▶ PROBLEM REQUIREMENTS: Among the lines below, count those that include "hsum", and state the count alone.

═══ RECORDS PROVIDED

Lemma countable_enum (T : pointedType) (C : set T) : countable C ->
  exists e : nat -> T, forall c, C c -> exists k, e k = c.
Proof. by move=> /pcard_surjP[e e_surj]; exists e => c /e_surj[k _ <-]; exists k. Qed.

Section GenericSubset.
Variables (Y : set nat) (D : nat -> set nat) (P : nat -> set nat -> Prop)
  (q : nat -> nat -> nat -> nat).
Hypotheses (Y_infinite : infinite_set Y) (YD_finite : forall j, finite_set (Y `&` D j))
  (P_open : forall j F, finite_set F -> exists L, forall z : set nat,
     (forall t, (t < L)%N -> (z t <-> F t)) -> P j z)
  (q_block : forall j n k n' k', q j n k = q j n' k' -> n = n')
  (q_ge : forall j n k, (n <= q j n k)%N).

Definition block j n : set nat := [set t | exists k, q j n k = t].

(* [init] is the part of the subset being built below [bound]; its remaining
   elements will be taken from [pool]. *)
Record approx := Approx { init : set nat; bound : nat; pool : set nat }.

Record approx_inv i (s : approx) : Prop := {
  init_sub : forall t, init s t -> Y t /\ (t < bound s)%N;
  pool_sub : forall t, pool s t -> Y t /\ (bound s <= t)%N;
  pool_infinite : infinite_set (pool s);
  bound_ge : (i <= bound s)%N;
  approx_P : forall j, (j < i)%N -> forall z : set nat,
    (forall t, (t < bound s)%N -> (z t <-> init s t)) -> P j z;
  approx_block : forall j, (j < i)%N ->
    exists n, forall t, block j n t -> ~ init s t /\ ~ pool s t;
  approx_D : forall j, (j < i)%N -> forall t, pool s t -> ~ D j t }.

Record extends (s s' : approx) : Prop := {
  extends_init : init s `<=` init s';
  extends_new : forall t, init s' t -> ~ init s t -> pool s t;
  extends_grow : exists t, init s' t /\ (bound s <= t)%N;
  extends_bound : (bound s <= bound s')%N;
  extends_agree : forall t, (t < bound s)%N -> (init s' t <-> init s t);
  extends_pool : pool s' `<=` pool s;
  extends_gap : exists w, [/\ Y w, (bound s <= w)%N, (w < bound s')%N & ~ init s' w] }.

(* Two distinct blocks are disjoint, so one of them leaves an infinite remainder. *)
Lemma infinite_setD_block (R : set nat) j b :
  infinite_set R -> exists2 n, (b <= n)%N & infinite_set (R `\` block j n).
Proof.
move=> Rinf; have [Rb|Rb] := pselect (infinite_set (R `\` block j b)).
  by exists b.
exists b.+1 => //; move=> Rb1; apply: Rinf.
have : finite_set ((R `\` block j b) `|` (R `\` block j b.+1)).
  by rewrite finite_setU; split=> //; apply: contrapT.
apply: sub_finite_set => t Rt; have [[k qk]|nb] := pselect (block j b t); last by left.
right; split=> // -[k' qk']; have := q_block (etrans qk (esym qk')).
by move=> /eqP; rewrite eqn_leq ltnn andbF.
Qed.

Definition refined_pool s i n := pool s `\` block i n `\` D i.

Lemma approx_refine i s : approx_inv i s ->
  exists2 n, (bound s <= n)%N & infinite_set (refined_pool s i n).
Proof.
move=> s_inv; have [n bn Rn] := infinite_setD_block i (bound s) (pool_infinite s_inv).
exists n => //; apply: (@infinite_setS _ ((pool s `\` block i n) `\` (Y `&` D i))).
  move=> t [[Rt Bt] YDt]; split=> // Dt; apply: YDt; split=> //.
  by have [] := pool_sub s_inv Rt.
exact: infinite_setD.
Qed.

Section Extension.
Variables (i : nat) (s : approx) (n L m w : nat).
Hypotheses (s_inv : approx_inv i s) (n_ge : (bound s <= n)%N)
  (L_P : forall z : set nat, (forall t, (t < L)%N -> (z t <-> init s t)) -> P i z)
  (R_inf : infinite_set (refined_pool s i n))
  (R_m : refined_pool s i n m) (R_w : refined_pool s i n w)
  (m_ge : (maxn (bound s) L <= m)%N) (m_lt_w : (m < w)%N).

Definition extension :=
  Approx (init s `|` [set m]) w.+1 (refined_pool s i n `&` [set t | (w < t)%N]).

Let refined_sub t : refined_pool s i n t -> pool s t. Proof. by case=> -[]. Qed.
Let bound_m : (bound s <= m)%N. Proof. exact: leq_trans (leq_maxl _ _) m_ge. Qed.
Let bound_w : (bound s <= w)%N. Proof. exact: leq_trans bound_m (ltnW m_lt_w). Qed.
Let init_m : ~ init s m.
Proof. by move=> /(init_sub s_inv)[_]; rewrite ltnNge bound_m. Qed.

══════
═══ RECORDS PROVIDED

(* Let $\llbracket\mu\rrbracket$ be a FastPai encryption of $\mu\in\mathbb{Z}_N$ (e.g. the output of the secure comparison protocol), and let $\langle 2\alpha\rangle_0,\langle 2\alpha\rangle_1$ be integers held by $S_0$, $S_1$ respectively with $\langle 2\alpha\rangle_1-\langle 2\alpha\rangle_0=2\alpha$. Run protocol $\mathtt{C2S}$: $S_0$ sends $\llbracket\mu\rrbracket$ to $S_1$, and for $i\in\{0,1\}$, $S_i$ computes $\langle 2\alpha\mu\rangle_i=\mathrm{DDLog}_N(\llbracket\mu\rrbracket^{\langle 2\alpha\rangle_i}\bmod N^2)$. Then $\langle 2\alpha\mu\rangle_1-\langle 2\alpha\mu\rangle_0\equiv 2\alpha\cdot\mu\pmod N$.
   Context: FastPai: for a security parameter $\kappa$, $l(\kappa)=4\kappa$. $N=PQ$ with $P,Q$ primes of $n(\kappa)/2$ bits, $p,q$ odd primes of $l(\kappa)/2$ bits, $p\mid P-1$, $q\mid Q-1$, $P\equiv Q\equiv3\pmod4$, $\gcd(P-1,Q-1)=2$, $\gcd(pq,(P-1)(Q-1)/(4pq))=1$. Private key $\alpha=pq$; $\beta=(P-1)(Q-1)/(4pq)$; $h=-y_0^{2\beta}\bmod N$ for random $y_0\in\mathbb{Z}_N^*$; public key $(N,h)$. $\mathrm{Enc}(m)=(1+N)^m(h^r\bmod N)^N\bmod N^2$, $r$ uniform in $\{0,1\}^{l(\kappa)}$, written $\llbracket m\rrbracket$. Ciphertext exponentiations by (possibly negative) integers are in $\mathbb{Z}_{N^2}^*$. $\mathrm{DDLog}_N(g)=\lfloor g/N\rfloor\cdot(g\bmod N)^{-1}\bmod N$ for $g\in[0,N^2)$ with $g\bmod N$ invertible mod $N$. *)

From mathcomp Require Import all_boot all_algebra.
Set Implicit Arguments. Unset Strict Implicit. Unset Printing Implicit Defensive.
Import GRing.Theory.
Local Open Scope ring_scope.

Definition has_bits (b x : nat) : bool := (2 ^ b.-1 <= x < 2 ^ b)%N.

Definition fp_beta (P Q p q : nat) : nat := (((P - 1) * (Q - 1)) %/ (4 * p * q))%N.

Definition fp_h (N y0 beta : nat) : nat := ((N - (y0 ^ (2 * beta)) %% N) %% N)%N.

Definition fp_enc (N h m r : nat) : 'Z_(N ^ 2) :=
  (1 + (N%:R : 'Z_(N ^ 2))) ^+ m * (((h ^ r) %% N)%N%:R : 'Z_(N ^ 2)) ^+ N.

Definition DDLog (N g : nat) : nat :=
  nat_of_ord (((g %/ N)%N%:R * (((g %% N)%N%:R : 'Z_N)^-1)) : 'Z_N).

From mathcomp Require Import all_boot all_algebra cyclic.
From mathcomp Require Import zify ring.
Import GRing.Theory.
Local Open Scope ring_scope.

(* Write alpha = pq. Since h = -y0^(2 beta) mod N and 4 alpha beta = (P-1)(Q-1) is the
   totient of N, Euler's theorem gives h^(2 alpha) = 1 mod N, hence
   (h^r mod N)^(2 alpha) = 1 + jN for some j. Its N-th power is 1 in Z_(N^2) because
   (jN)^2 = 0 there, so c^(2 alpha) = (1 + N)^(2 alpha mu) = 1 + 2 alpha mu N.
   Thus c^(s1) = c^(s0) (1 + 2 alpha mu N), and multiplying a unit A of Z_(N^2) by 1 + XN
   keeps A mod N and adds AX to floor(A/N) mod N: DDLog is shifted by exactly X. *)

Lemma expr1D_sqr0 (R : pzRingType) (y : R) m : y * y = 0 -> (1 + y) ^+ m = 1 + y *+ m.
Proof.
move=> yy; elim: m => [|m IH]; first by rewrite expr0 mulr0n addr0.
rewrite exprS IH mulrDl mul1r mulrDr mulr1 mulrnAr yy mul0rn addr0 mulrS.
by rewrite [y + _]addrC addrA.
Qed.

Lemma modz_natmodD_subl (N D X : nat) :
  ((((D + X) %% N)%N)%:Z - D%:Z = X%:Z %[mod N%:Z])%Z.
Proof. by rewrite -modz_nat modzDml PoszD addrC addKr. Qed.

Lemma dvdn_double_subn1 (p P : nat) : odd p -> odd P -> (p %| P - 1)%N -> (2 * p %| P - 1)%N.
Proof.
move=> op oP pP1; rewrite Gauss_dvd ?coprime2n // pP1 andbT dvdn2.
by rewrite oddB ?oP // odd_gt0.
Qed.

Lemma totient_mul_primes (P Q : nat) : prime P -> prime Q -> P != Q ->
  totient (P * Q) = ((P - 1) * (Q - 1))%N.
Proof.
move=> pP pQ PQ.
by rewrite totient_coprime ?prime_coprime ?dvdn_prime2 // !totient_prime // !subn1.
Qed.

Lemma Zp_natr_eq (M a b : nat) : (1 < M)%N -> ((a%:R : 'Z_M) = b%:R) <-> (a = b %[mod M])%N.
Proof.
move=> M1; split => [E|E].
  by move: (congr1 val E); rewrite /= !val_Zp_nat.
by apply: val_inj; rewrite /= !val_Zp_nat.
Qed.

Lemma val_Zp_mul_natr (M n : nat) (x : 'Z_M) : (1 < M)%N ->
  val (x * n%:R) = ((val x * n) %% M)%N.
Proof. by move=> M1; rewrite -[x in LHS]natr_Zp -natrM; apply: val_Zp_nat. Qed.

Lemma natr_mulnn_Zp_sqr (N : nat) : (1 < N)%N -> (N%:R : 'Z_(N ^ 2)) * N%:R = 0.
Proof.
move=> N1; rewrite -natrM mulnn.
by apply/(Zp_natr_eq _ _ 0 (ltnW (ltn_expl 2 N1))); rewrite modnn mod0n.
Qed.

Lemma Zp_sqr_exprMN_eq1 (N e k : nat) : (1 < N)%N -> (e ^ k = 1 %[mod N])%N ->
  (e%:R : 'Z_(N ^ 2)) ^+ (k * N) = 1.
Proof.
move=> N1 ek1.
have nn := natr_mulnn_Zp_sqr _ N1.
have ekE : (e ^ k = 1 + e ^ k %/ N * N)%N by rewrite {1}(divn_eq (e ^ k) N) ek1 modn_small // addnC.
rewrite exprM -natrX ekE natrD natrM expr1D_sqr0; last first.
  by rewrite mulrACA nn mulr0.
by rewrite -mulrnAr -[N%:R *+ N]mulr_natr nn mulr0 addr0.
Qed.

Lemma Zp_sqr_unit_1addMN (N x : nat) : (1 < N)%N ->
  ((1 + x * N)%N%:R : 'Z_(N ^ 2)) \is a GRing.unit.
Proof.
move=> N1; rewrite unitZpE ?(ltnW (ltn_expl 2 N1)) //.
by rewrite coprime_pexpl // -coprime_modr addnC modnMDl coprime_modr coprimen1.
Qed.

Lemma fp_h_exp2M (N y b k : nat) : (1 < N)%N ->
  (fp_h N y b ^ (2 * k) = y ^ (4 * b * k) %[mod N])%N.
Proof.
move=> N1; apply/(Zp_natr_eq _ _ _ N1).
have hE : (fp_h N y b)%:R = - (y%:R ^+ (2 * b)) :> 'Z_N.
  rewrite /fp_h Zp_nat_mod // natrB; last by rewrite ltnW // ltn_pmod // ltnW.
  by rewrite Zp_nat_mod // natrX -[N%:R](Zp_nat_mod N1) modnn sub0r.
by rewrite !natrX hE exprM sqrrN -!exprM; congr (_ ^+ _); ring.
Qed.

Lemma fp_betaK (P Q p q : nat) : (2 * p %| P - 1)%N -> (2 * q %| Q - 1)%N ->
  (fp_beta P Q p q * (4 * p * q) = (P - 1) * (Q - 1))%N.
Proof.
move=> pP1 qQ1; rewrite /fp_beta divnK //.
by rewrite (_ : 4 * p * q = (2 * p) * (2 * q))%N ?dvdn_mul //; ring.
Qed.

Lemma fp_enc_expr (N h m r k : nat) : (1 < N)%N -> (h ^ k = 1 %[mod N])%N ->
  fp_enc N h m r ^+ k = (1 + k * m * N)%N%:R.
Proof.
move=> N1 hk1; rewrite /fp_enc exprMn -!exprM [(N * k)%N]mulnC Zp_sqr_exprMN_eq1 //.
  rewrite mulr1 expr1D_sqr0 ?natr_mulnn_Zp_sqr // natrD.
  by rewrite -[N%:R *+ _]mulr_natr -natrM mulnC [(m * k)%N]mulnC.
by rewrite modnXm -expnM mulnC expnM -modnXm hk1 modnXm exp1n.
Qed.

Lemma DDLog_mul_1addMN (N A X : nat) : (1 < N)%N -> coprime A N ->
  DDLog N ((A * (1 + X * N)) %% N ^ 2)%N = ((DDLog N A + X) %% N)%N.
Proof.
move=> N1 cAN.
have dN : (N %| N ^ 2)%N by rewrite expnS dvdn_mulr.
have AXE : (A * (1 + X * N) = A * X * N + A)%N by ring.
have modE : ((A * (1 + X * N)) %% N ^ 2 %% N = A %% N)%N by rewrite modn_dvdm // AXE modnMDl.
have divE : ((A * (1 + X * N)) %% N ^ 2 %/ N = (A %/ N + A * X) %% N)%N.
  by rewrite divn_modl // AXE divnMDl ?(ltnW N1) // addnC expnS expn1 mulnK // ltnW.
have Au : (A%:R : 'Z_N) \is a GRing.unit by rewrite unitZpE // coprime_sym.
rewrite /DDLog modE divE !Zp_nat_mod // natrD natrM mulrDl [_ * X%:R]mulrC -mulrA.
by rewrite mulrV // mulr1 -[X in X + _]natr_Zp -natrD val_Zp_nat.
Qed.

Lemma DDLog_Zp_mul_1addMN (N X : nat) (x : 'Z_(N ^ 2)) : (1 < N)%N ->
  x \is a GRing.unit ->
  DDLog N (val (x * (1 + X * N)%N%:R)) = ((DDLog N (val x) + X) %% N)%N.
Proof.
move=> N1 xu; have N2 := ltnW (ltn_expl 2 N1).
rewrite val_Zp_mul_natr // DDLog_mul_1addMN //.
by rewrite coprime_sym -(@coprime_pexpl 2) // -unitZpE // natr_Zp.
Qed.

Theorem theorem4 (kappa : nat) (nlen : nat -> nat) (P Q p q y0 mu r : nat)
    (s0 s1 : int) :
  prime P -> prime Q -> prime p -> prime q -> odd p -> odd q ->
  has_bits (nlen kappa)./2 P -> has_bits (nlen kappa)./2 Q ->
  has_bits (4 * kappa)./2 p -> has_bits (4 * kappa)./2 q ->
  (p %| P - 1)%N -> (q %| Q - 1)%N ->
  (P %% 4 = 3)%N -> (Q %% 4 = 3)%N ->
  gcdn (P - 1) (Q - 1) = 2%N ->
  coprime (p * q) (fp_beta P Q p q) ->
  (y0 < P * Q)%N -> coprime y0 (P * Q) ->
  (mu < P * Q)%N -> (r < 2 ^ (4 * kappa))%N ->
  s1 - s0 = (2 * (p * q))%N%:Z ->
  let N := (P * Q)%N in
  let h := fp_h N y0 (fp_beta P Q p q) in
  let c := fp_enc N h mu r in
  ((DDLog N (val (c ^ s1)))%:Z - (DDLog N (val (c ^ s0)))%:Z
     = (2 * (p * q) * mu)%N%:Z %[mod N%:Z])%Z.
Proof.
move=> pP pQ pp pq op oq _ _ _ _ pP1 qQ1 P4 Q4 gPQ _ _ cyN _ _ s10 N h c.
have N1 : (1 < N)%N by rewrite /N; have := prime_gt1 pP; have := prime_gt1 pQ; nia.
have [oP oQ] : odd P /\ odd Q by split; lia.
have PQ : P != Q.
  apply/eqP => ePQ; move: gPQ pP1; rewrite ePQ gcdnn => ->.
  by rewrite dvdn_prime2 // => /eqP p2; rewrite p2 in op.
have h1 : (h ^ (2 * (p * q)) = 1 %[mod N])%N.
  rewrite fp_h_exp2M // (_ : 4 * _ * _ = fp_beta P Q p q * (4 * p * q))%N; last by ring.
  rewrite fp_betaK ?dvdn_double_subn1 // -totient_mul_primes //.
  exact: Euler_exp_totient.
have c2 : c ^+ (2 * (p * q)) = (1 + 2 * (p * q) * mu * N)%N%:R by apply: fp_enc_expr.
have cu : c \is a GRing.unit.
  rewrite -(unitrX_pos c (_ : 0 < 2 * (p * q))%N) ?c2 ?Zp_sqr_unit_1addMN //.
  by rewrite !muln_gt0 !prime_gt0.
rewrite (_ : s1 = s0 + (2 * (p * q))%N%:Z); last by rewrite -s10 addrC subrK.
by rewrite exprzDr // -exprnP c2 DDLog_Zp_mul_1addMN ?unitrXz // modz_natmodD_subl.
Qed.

══════
═══ RECORDS PROVIDED

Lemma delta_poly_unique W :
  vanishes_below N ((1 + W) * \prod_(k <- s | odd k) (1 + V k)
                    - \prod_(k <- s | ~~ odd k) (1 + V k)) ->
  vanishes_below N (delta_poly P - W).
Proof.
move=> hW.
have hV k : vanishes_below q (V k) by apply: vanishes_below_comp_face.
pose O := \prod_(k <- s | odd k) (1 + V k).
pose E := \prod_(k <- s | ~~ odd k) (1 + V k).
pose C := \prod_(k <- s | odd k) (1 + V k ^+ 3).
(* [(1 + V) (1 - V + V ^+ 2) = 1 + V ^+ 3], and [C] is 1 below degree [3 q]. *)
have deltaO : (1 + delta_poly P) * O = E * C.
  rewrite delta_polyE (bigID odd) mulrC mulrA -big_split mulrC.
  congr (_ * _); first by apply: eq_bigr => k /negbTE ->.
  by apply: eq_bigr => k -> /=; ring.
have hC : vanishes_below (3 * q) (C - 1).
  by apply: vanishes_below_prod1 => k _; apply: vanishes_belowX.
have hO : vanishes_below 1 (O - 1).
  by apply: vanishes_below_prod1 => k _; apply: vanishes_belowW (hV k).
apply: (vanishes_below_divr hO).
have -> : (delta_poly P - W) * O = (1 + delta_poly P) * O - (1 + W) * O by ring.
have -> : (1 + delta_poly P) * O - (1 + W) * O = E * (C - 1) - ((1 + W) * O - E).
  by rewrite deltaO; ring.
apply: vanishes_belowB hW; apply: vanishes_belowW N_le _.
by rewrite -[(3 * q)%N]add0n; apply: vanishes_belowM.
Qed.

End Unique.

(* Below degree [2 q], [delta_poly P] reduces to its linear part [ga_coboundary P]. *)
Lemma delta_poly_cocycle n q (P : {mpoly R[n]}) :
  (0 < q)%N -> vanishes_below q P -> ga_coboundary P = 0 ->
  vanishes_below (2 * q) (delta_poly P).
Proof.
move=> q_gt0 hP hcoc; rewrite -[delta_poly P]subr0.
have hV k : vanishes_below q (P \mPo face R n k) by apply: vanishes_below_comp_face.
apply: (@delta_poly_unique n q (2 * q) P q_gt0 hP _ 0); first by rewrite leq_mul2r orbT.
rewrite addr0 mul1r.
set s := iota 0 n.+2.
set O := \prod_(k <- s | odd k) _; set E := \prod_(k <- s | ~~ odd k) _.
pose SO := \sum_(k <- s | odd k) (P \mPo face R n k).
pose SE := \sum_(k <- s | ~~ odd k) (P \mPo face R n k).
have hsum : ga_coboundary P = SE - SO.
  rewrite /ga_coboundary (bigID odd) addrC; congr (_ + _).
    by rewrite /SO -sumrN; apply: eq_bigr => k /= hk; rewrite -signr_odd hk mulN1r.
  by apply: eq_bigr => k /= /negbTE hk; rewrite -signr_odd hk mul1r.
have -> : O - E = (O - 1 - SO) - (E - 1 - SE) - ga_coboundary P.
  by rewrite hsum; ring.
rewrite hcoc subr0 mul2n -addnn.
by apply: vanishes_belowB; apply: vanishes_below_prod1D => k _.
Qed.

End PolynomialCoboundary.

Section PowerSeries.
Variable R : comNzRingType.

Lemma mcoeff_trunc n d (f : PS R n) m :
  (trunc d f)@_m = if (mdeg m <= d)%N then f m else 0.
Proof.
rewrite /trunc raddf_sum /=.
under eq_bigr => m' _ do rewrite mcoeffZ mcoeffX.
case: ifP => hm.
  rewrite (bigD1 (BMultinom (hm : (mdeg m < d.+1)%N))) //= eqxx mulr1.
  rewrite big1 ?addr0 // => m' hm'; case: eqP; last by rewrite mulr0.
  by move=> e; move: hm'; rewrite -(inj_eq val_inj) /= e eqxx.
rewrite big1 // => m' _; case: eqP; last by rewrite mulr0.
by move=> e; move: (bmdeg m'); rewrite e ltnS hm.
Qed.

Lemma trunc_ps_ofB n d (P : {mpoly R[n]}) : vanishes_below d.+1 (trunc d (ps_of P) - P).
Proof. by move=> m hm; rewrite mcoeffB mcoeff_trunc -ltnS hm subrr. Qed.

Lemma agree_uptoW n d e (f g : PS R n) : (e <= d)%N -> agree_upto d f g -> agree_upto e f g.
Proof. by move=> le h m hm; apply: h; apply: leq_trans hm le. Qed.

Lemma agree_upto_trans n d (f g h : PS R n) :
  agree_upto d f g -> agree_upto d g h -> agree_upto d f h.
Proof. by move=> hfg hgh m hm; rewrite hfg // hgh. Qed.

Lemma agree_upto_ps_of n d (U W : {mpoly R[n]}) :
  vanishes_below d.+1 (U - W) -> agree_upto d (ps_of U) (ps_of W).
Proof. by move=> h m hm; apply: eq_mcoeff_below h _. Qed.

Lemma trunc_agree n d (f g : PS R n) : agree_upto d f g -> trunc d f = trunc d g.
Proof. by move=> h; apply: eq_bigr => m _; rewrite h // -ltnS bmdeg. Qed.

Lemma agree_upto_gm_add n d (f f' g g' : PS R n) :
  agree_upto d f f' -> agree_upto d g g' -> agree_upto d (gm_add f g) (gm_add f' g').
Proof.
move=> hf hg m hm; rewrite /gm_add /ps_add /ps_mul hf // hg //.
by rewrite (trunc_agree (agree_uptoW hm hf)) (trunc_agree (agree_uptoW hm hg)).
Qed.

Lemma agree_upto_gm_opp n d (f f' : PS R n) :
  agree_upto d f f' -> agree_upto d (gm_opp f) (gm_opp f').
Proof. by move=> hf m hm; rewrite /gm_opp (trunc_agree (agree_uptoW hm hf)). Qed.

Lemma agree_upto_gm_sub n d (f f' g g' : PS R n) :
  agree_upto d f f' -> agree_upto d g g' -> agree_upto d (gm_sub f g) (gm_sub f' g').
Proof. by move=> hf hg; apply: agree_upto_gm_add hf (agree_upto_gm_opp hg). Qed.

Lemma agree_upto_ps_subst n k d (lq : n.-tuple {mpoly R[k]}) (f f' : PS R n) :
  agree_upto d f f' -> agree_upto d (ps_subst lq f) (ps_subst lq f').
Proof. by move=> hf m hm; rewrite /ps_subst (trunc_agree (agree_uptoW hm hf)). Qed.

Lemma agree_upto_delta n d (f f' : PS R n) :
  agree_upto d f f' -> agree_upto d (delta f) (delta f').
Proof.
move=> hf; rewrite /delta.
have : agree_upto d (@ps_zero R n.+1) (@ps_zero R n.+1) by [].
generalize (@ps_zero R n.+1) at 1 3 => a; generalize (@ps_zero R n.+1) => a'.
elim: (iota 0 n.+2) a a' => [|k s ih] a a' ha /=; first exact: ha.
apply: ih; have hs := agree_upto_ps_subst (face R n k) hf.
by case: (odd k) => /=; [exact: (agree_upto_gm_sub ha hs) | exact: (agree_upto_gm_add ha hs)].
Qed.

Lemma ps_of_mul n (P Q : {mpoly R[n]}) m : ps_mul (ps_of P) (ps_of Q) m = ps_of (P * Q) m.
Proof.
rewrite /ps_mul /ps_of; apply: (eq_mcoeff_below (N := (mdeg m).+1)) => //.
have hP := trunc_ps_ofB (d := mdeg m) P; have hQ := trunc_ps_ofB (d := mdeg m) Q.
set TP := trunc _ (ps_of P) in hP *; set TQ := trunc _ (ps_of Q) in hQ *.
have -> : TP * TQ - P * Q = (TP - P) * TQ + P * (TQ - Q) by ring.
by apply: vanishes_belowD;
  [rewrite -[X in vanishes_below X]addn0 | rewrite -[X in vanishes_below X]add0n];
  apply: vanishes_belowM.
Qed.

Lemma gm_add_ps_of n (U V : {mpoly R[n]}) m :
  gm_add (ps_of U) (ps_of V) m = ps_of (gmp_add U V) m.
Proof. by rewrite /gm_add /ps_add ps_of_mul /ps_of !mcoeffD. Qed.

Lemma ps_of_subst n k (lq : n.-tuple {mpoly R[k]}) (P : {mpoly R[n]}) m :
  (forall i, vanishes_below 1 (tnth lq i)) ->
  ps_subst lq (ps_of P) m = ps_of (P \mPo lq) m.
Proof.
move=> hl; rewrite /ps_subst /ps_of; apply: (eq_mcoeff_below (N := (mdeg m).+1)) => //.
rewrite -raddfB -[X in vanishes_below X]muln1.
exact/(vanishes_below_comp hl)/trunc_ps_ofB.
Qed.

══════

▶ EXERCISE OUTPUT: 2